The Lucky Country Collaborates, Mr Horne

It is May 2014.  I just sat down to have my first coffee and check the news of the day. I am keen to see what the 2014/15 Federal Government budget announcement will reveal. I find that an Office for Collaboration has been established and that it will be the responsibility of a new generation minister who will be provided with billions of budget dollars to improve the government’s own collaboration skills and improve the collaboration culture in Australia through training, education and rewards.

You never know, that might be a scenario that I and many of my colleagues may yet get to see. While it is plausible, it is highly unlikely; a speculative fiction of sorts that has limited readership. Regardless, I remain convinced that one way or another, collaboration will become far more prized than it is now. It will be a discipline characterised by more sophisticated yet no less engaging conversation.

‘I see collaboration as a special form of culture

we can embrace in the way we solve our longstanding problems’

During 2013 I covered a broad range of collaboration development ideas across the globe in a weekly selection of recommended articles. Many of these were about major, large scale collaborations that have emerged in various parts of the world. A pattern is emerging. Competition and collaboration are now individually better off, precisely because smart leaders and managers know that collaboration enhances competition. Despite this, we in Australia pay hardly any attention to the globally emerging trend. That brings me to the key point in my first blog of the year.

the lucky country

The Christmas 2013 edition of the AFR (Australian Financial Review) dedicated an extra eight pages to an analysis of Australia’s past fifty years, beginning with 1964, the year that The Lucky Country by Donald Horne was published. The newspaper asked, “What would Mr Horne say now?” and the range of views expressed was diverse and I recommend you look at it. My attention was caught by the number of views that seem to share one common sentiment; we were once a lucky country in many regards, but in the global village luck doesn’t count for much. Smart working is going to be the order of the day for the next 50 years. The opening essay by Tony Walker (AFR, International Editor) makes a very clear point by reminding readers that “Horne, of course was making an ironic point that only the serendipity of Australia’s geographic location, small population and resource potential saved the country from the consequences of mediocre political and business culture”. Walker then cites Horne who at one point, years after publishing The Lucky Country, remarked that Australia lacked in areas of innovation and showed less enterprise “than almost any other prosperous industrial society”.

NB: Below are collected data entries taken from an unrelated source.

Lemma meager_union_list (M : list nat -> Cantor2 -> Prop) :
  (forall s, meager (M s)) -> meager (fun p => exists s, M s p).
Proof.
  intros HM.
  assert (Hlen : forall n (M : list nat -> Cantor2 -> Prop), (forall s, meager (M s)) ->
            meager (fun p => exists s, length s = n /\ M s p)).
  { induction n as [|n IH]; intros M' HM'.
    - eapply meager_sub; [apply (HM' [])|].
      intros p [[|j s] [Hs Hp]]; [exact Hp | discriminate].
    - eapply meager_sub.
      { apply (meager_union (fun j p => exists s, length s = n /\ M' (j :: s) p)).
        intros j; apply IH; auto. }
      intros p [[|j s] [Hs Hp]]; [discriminate|]. exists j, s; split; auto. }
  eapply meager_sub.
  { apply (meager_union (fun n p => exists s, length s = n /\ M s p)); intros n; apply Hlen; auto. }
  intros p [s Hs]; exists (length s), s; auto.
Qed.

Theorem baire_category (N : nat -> Cantor2 -> Prop) p n :
  (forall k, sparse (N k)) -> exists r, cyl2 p n r /\ forall k, ~ N k r.
Proof.
  intros HN.
  assert (Hstep : forall kq : nat * (Cantor2 * nat), exists qm : Cantor2 * nat,
            (S (snd (snd kq)) <= snd qm)%nat /\ cyl2 (fst (snd kq)) (snd (snd kq)) (fst qm) /\
            forall r, cyl2 (fst qm) (snd qm) r -> ~ N (fst kq) r).
  { intros [k [q m]]. destruct (HN k q (S m)) as (q' & m' & Hm' & Hq' & Hr).
    exists (q', m'); simpl; split; [exact Hm'|split; [|exact Hr]].
    apply cyl2_le with (S m); [lia | exact Hq']. }
  destruct (choice _ Hstep) as [step Hs].
  pose (qm := fix qm k := match k with 0%nat => (p, n) | S k => step (k, qm k) end).
  assert (Hqm : forall k, (S (snd (qm k)) <= snd (qm (S k)))%nat /\
            cyl2 (fst (qm k)) (snd (qm k)) (fst (qm (S k))) /\
            forall r, cyl2 (fst (qm (S k))) (snd (qm (S k))) r -> ~ N k r)
    by (intros k; apply (Hs (k, qm k))).
  assert (Hlevel : forall k, (k <= snd (qm k))%nat).
  { induction k as [|k IH]; [lia|]. pose proof (proj1 (Hqm k)); lia. }
  destruct (cyl2_nested_limit (fun k => fst (qm k)) (fun k => snd (qm k)) Hlevel
              (fun k => Nat.lt_le_incl _ _ (proj1 (Hqm k))) (fun k => proj1 (proj2 (Hqm k))))
    as [r Hr].
  exists r; split; [exact (Hr 0%nat)|]. intros k; apply (proj2 (proj2 (Hqm k))), Hr.
Qed.

Corollary cyl2_not_meager p n : ~ meager (cyl2 p n).
Proof.
  intros (N & HN & Hcov). destruct (baire_category N p n HN) as (r & Hr & Hnot).
  destruct (Hcov r Hr) as [k Hk]; exact (Hnot k Hk).
Qed.

Lemma sparse_nowhere_dense2 A : sparse A -> nowhere_dense2 A.
Proof.
  intros HA p [n Hn]. destruct (HA p n) as (q & m & _ & Hq & Hr).
  destruct (Hn q Hq m) as (r & Hqr & Ar). exact (Hr r Hqr Ar).
Qed.

Lemma meager_meager2 A : meager A -> meager2 A.
Proof.
  intros (N & HN & Hcov). exists (fun k p => N k p /\ A p); split.
  - intros k; apply sparse_nowhere_dense2. intros p n.
    destruct (HN k p n) as (q & m & Hnm & Hq & Hr).
    exists q, m; split; [exact Hnm | split; [exact Hq|]].
    intros r Hqr [Nr _]; exact (Hr r Hqr Nr).
  - intros p; split.
    + intros Ap; destruct (Hcov p Ap) as [k Hk]; exists k; auto.
    + intros [k [_ Ap]]; exact Ap.
Qed.

Definition open2 (O : Cantor2 -> Prop) : Prop :=
  forall p, O p -> exists n, forall q, cyl2 p n q -> O q.

Definition closed2 (F : Cantor2 -> Prop) : Prop := open2 (fun p => ~ F p).

Lemma closed2_compl O : open2 O -> closed2 (fun p => ~ O p).
Proof.
  intros HO p Hp. apply NNPP in Hp. destruct (HO p Hp) as [n Hn].
  exists n; intros q Hq Hnq; exact (Hnq (Hn q Hq)).
Qed.

Lemma interior2_sub A p : interior2 A p -> A p.
Proof. intros [n Hn]; apply Hn, cyl2_refl. Qed.

Lemma open2_interior2 A : open2 (interior2 A).
Proof.
  intros p [n Hn]; exists n; intros q Hq; exists n; intros r Hr; apply Hn; eapply cyl2_trans; eauto.
Qed.

Lemma sparse_closed2_boundary F : closed2 F -> sparse (fun p => F p /\ ~ interior2 F p).
Proof.
  intros HF p n. destruct (classic (forall q, cyl2 p n q -> F q)) as [Hall|Hnot].
  - exists p, n; split; [lia | split; [apply cyl2_refl|]].
    intros r Hr [_ Hint]. apply Hint. exists n. intros q Hq. apply Hall. eapply cyl2_trans; eauto.
  - apply not_all_ex_not in Hnot as [q Hq]. apply imply_to_and in Hq as [Hpq Fq].
    destruct (HF q Fq) as [m Hm]. exists q, (Nat.max n m); split; [lia | split; [exact Hpq|]].
    intros r Hr [Fr _]. apply (Hm r); auto. apply cyl2_le with (Nat.max n m); auto; lia.
Qed.

Definition baire_property (A : Cantor2 -> Prop) : Prop :=
  exists O, open2 O /\ meager (fun p => ~ (A p <-> O p)).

Many would easily argue that figures speak for themselves. We are indeed a prosperous nation and have managed to maintain this for the past half century. However this has not created a sense of confidence that, together with material prosperity, we have also acquired the cultural, social and intellectual prosperity we will need in decades to come in order to avoid what some have dubbed “the great Australian complacency”.

The special edition’s examining of the past half century, and testing the idea of luck as a major factor in Australia’s economic and social station, struck a chord with me as I feel that we have a good base to commence innovation and entrepreneurialism with a renewed sense of confidence – if we so choose.

We have created a country that many admire and look at with benign envy. In part this is because we come off as if we know where we are going and that our future is secure. To some extent this may be the case, but past successes have limited capacity to make us resilient to a fast changing world.

Somewhere in that mix of ingredients we can make the fortune that will sustain us for the next 50 years.

Somewhere in that mix I see collaboration as a special form of culture we can embrace in the way we solve our longstanding problems (think about Aboriginal people’s life expectancy for a start) and do one better; maintain our competitive edge in the global world.

Somewhere in that mix I recognise that future generations will wonder why we did not make the most of our best asset; a wonderful diversity of people who can be creative, innovative and enterprising.

In the age of information, at a time when intellectual property products offer new possibilities, in an era of increased need for services, we need to innovate our narrative to weave in the dormant resources of people’s capacity to collaborate and jointly compete on the world stage.

What would Mr Horne say today?  I hope he would say, “The Lucky Country collaborates”.